Overview of the FaceBase data analysis and integration with current knowledge of craniofacial anomalies. To identify spatiotemporal expression and role of genes and noncoding RNAs, FaceBase data were analyzed with various bioinformatic tools and methodologies. In addition, the genes and noncoding RNAs predicted through these bioinformatic analyses were cross-referenced with genes and microRNAs reported in craniofacial anomalies (e.g., cleft lip, cleft palate) in humans and mice.

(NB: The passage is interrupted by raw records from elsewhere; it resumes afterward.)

(* Let $q=16$ and let $\mathbb D$ be the $3$-$(17,4,2)$ design $(U_{17},\mathcal B_4(\mathcal C_{\{3,5\}}^\perp|_{\mathrm{GF}(16)}))$. Then $12\le \dim_{16}\mathbb D\le 13$.
   Context: $U_{17}$ is the set of $17$-th roots of unity in $\mathrm{GF}(256)$; coordinates are indexed by $U_{17}$. With $q=16$, $\mathcal C_{\{3,5\}}=\{(a_3u^3+a_{q-2}u^{q-2}+a_5u^5+a_{q-4}u^{q-4})_{u\in U_{q+1}}: a_i\in\mathrm{GF}(q^2)\}$, $\mathcal C_{\{3,5\}}^\perp$ is its dual under the standard inner product, $\mathcal C^\perp_{\{3,5\}}|_{\mathrm{GF}(16)}=\mathcal C^\perp_{\{3,5\}}\cap\mathrm{GF}(16)^{17}$, and $\mathcal B_4(\mathcal C)$ is the set of supports of weight-$4$ codewords. The dimension $\dim_{16}\mathbb D$ is the minimum rank over $\mathrm{GF}(16)$ among all matrices obtained from the $(0,1)$ block-by-point incidence matrix of $\mathbb D$ by replacing each $1$ with an arbitrary nonzero element of $\mathrm{GF}(16)$. *)

From HB Require Import structures.
From mathcomp Require Import all_boot all_order all_algebra all_field.
Set Implicit Arguments. Unset Strict Implicit. Unset Printing Implicit Defensive.
Import GRing.Theory.
Local Open Scope ring_scope.

(* U_17 : the 17-th roots of unity of F (F will be GF(256)). *)
Notation U17 F := {u : F | u ^+ 17 == 1}.

Definition C35 (F : finFieldType) : {set {ffun U17 F -> F}} :=
  [set c : {ffun U17 F -> F} | [exists a : F * F * F * F,
     c == [ffun u : U17 F => a.1.1.1 * (val u) ^+ 3 + a.1.1.2 * (val u) ^+ 14
                        + a.1.2 * (val u) ^+ 5 + a.2 * (val u) ^+ 12]]].

Definition C35dual (F : finFieldType) : {set {ffun U17 F -> F}} :=
  [set c : {ffun U17 F -> F} | [forall x in C35 F, \sum_(u : U17 F) c u * (x : {ffun U17 F -> F}) u == 0]].

(* Restriction to GF(16): GF(16) is the image of K (#|K| = 16) under the
   field embedding f : K -> F; codewords of C^perp|_{GF(16)} are the vectors
   over K whose image under f lies in C^perp. *)
Definition C35dual_res (K F : finFieldType) (f : {rmorphism K -> F})
  : {set {ffun U17 F -> K}} :=
  [set c : {ffun U17 F -> K} | [ffun u => f (c u)] \in C35dual F].

Definition blocks4 (K F : finFieldType) (f : {rmorphism K -> F})
  : {set {set U17 F}} :=
  [set B : {set U17 F} | [exists c in C35dual_res f,
             (B == [set u | (c : {ffun U17 F -> K}) u != 0]) && (#|B| == 4)%N]].

Definition weighted_incidence (K F : finFieldType) (f : {rmorphism K -> F})
  (M : 'M[K]_(#|blocks4 f|, #|{: U17 F}|)) : bool :=
  [forall i, forall j,
     (M i j != 0) == (@enum_val _ (mem {: U17 F}) j \in
                        @enum_val _ (mem (blocks4 f)) i)].

Definition dim16 (K F : finFieldType) (f : {rmorphism K -> F}) : nat :=
  \big[minn/#|{: U17 F}|]_(M : 'M[K]_(#|blocks4 f|, #|{: U17 F}|)
                            | @weighted_incidence K F f M) \rank M.

(* Let z be a primitive 17th root of unity in GF(256) that is a root of x^8 + x^5 + x^4 + x^3 + 1.
   Then w = z^2 + z^5 + z^11 is a primitive cube root of unity, so it lies in GF(4), inside GF(16).
   The word with entries 1, 1, 1, w at z^s, z^(s+1), z^(s+3), z^(s+5) is orthogonal to u^3 because
   w z^15 = 1 + z^3 + z^9 in characteristic 2, and hence also to u^12, u^14, u^5: the map
   x |-> x^4 fixes w and sends the exponent 3 to 12, 14, 5 modulo 17.  The supports of these words
   are blocks, and for s < 12 they meet the points z^5, ..., z^16 in a triangular pattern with full
   diagonal, so every weighted incidence matrix has rank at least 12.  Conversely, choosing one
   codeword per block gives a weighted incidence matrix M with M G = 0, where the 17 x 4 matrix G
   of the monomials u^3, u^14, u^5, u^12 has rank 4 (a nonzero polynomial of degree < 17 cannot
   vanish on all of U_17); hence rank M <= 13. *)

From HB Require Import structures.
From mathcomp Require Import all_boot all_order all_algebra all_field all_fingroup all_solvable.
From mathcomp Require Import ring zify.
Set Implicit Arguments. Unset Strict Implicit. Unset Printing Implicit Defensive.
Import GRing.Theory.
Local Open Scope ring_scope.

Lemma prim_root_prime (R : idomainType) p (z : R) :
  prime p -> z ^+ p = 1 -> z != 1 -> p.-primitive_root z.
Proof.
move=> p_pr zp1 z_neq1.
have [m prim_m m_dvd] := prim_order_exists (prime_gt0 p_pr) zp1.
have /primeP[_ /(_ m m_dvd) /orP[/eqP m1 | /eqP <- //]] := p_pr.
by move: prim_m z_neq1; rewrite m1 => /prim_expr_order; rewrite expr1 => ->; rewrite eqxx.
Qed.

Lemma exists_prim_root (F : finFieldType) p :
  prime p -> (p %| #|F|.-1)%N -> exists z : F, p.-primitive_root z.
Proof.
move=> p_pr; rewrite -card_finField_unit => /(Cauchy p_pr)[x _ ox].
exists (val x); apply: prim_root_prime => //.
  by rewrite -FinRing.val_unitX -ox expg_order.
apply: contraTneq p_pr => x1.
have x_1 : x = 1%g by apply: val_inj.
by rewrite -ox x_1 order1.
Qed.

Lemma cube_root_unity_eq0 (R : idomainType) (a : R) :
  3.-primitive_root a -> a ^+ 2 + a + 1 = 0.
Proof.
move=> prim_a; have a_neq1 : a != 1 by rewrite -[a]expr1 -(prim_order_dvd prim_a).
have : (a - 1) * (a ^+ 2 + a + 1) == 0.
  have -> : (a - 1) * (a ^+ 2 + a + 1) = a ^+ 3 - 1 by ring.
  by rewrite (prim_expr_order prim_a) subrr.
by rewrite mulf_eq0 subr_eq0 (negbTE a_neq1) => /eqP.
Qed.

Lemma cube_root_unity_in_image (K F : fieldType) (f : {rmorphism K -> F}) (u : K) (x : F) :
  3.-primitive_root u -> x ^+ 2 + x + 1 = 0 -> exists w, f w = x.
Proof.
move=> prim_u x_root; have prim_fu : 3.-primitive_root (f u) by rewrite fmorph_primitive_root.
have fu_root := cube_root_unity_eq0 prim_fu; have fu3 := prim_expr_order prim_fu.
have : (x - f u) * (x - f u ^+ 2) == 0.
  have -> : (x - f u) * (x - f u ^+ 2)
    = x ^+ 2 + x + 1 - x * (f u ^+ 2 + f u + 1) + (f u ^+ 3 - 1) by ring.
  by rewrite x_root fu_root fu3 mulr0 !subrr addr0.
rewrite mulf_eq0 !subr_eq0 => /orP[/eqP-> | /eqP->]; first by exists u.
by exists (u ^+ 2); rewrite rmorphXn.
Qed.

Lemma sum_mul_supp4 (T : finType) (R : pzSemiRingType) (a b c d : T) (ka kb kc kd : R)
    (h : T -> R) :
  uniq [:: a; b; c; d] ->
  \sum_u (if u == a then ka else if u == b then kb else if u == c then kc
          else if u == d then kd else 0) * h u
  = ka * h a + kb * h b + kc * h c + kd * h d.
Proof.
rewrite /= !inE !negb_or andbT => /and3P[/and3P[ab ac ad] /andP[bc bd] cd].
rewrite (bigD1 a) //= eqxx (bigD1 b) /=; last by rewrite eq_sym.
rewrite eq_sym (negbTE ab) eqxx (bigD1 c) /=; last by rewrite eq_sym ac eq_sym bc.
rewrite eq_sym (negbTE ac) eq_sym (negbTE bc) eqxx (bigD1 d) /=; last first.
  by rewrite eq_sym ad eq_sym bd eq_sym cd.
rewrite eq_sym (negbTE ad) eq_sym (negbTE bd) eq_sym (negbTE cd) eqxx.
rewrite big1 ?addr0 ?addrA // => u /andP[/andP[/andP[ua ub] uc] ud].
by rewrite (negbTE ua) (negbTE ub) (negbTE uc) (negbTE ud) mul0r.
Qed.

Lemma mxrank_trig_submx (R : fieldType) m p n (M : 'M[R]_(m, p))
    (r : 'I_n -> 'I_m) (c : 'I_n -> 'I_p) :
  (forall i j : 'I_n, (i < j)%N -> M (r i) (c j) = 0) ->
  (forall i, M (r i) (c i) != 0) -> (n <= \rank M)%N.
Proof.
move=> M_trig M_diag; pose A := \matrix_(i, j) M (r i) (c j).
have rankA : \rank A = n.
  apply: mxrank_unit; rewrite unitmxE unitfE det_trig.
    by apply/prodf_neq0 => i _; rewrite mxE.
  by apply/is_trig_mxP => i j ij; rewrite mxE M_trig.
suff : (\rank A <= \rank M)%N by rewrite rankA.
have -> : A = rowsub r M *m colsub c 1%:M.
  by apply/matrixP => i j; rewrite mulmx_colsub mulmx1 !mxE.
by rewrite (leq_trans (mxrankM_maxl _ _)) // rowsubE mxrankM_maxr.
Qed.

Lemma mxrank_unity_root_monomials (F : fieldType) n m (z : F) (x : 'I_m -> F) (es : seq nat) :
  n.-primitive_root z -> uniq es -> all (gtn n) es ->
  (forall i, (i < n)%N -> exists j, x j = z ^+ i) ->
  \rank (\matrix_(j < m, k < size es) x j ^+ nth 0%N es k) = size es.
Proof.
move=> prim_z uniq_es es_lt x_onto.
rewrite -mxrank_tr; apply/eqP; apply: inj_row_free => v v_ker.
pose p := \sum_(k < size es) v 0 k *: 'X^(nth 0%N es k).
have p_root i : (i < n)%N -> root p (z ^+ i).
  move=> lt_in; have [j <-] := x_onto i lt_in.
  move/matrixP: v_ker => /(_ 0 j); rewrite !mxE => v_ker.
  rewrite /root horner_sum; apply/eqP; apply: etrans v_ker; apply: eq_bigr => k _.
  by rewrite !mxE hornerZ hornerXn.
have p0 : p = 0.
  apply: (@roots_geq_poly_eq0 _ _ [seq z ^+ i | i <- iota 0 n]).
  - by apply/allP => y /mapP[i]; rewrite mem_iota => /andP[_ lt_in] ->; exact: p_root.
  - rewrite map_inj_in_uniq ?iota_uniq // => i j; rewrite !mem_iota /= => lt_in lt_jn /eqP.
    by rewrite (eq_prim_root_expr prim_z) !modn_small // => /eqP.
  - rewrite size_map size_iota; apply: (leq_trans (size_sum _ _ _)); apply/bigmax_leqP => k _.
    by rewrite (leq_trans (size_scale_leq _ _)) // size_polyXn; exact: (allP es_lt) (mem_nth _ _).
apply/rowP => k; rewrite mxE; have := congr1 (coefp (nth 0%N es k)) p0.
rewrite /= coef0 coef_sum (bigD1 k) //= coefZ coefXn eqxx mulr1 big1 ?addr0 // => k' k'_neq.
rewrite coefZ coefXn nth_uniq //; case: eqP => [/val_inj kk | _]; last by rewrite mulr0.
by rewrite kk eqxx in k'_neq.
Qed.

Section UnityRootPoints.
Variables (F : finFieldType) (n : nat) (z : F).
Hypothesis prim_z : n.-primitive_root z.

Definition unity_pt (i : nat) : {u : F | u ^+ n == 1} :=
  insubd (exist (fun u : F => u ^+ n == 1) 1 (introT eqP (expr1n F n))) (z ^+ i).

Lemma val_unity_pt i : val (unity_pt i) = z ^+ i.
Proof.
by rewrite insubdK // unfold_in /= -exprM mulnC exprM (prim_expr_order prim_z) expr1n.
Qed.

Lemma unity_pt_eq i j : (unity_pt i == unity_pt j) = (i == j %[mod n])%N.
Proof. by rewrite -val_eqE /= !val_unity_pt (eq_prim_root_expr prim_z). Qed.

Lemma unity_pt_eq_small i j :
  (i < n)%N -> (j < n)%N -> (unity_pt i == unity_pt j) = (i == j).
Proof. by move=> ltin ltjn; rewrite unity_pt_eq !modn_small. Qed.

Lemma card_unity_roots : #|{: {u : F | u ^+ n == 1}}| = n.
Proof.
have root_u (u : {u : F | u ^+ n == 1}) : val u ^+ n = 1 by exact: eqP (valP u).
have pt_bij : bijective (fun i : 'I_n => unity_pt i).
  exists (fun u => sval (prim_rootP prim_z (root_u u))) => [i | u].
    case: prim_rootP => /= j; rewrite val_unity_pt => /eqP.
    by rewrite (eq_prim_root_expr prim_z) !modn_small // => /eqP ij; apply: val_inj.
  by case: prim_rootP => /= j uj; apply: val_inj; rewrite val_unity_pt.
by rewrite -(bij_eq_card pt_bij) card_ord.
Qed.

Lemma enum_val_unity_pt i :
  exists j, val (@enum_val _ (mem {: {u : F | u ^+ n == 1}}) j) = z ^+ i.
Proof. exists (enum_rank (unity_pt i)); by rewrite enum_rankK val_unity_pt. Qed.

End UnityRootPoints.

(* x^17 - 1 = (x - 1) cyc17a cyc17b over GF(2), both factors being irreducible. *)
Definition cyc17a (R : pzRingType) (z : R) := z ^+ 8 + z ^+ 5 + z ^+ 4 + z ^+ 3 + 1.
Definition cyc17b (R : pzRingType) (z : R) := z ^+ 8 + z ^+ 7 + z ^+ 6 + z ^+ 4 + z ^+ 2 + z + 1.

The regulatory networks and functions of the candidate genes and microRNAs were further experimentally validated. Some of these findings have been stored at our database, CleftGeneDB, which is publicly available at https://bioinfo.uth.edu/CleftGeneDB/, and the processed data were also deposited into FaceBase (10.25550/1-YPS4 and 10.25550/1-F5A6).

The results obtained through these data analyses were also integrated with the current knowledge of CL/P-related genes identified in humans and mice through our systematic review and meta-analysis of the literature (Suzuki et al. 2018; Gajera et al. 2019; Suzuki et al. 2019). Accumulating evidence shows that expression of ncRNAs is influenced by a wide variety of environmental factors, including prenatal exposure to various chemicals, drugs, and toxins (Hudder and Novak 2008). Therefore, we examined a potential link between miRNAs and several environmental factors that induce CL/P (Yoshioka, Mikami, et al. 2021; Yoshioka, Ramakrishnan, Shim, et al. 2021; Yoshioka, Ramakrishnan, Suzuki and Iwata 2021). Our findings, together with results from ongoing genetic studies, were added to a database for genes and miRNAs related to CL/P (CleftGeneDB) (Xu et al. 2021). Overall, our secondary data analyses will be useful for not only increasing our knowledge of craniofacial morphogenesis but also developing clinical, diagnostic, and preventative interventions for CL/P.

Conclusions

An important aspect of FaceBase’s mission is education and workforce improvement in addition to providing data resources on dental and craniofacial development. Adopting a “self” curation approach not only improves the sustainability of FaceBase but also trains researchers in better data stewardship practices. With respect to FAIR data, FAIRness begins even before the first sample is assayed and the first data are generated. It begins during the study design, when cataloging materials and recording methods. It continues as data are collected, accurately labeled, and correlated with laboratory notebooks. While FaceBase infrastructure may not extend into the researcher’s laboratory, the practices learned through using and interacting with FaceBase are lessons that can be applied back to the lab.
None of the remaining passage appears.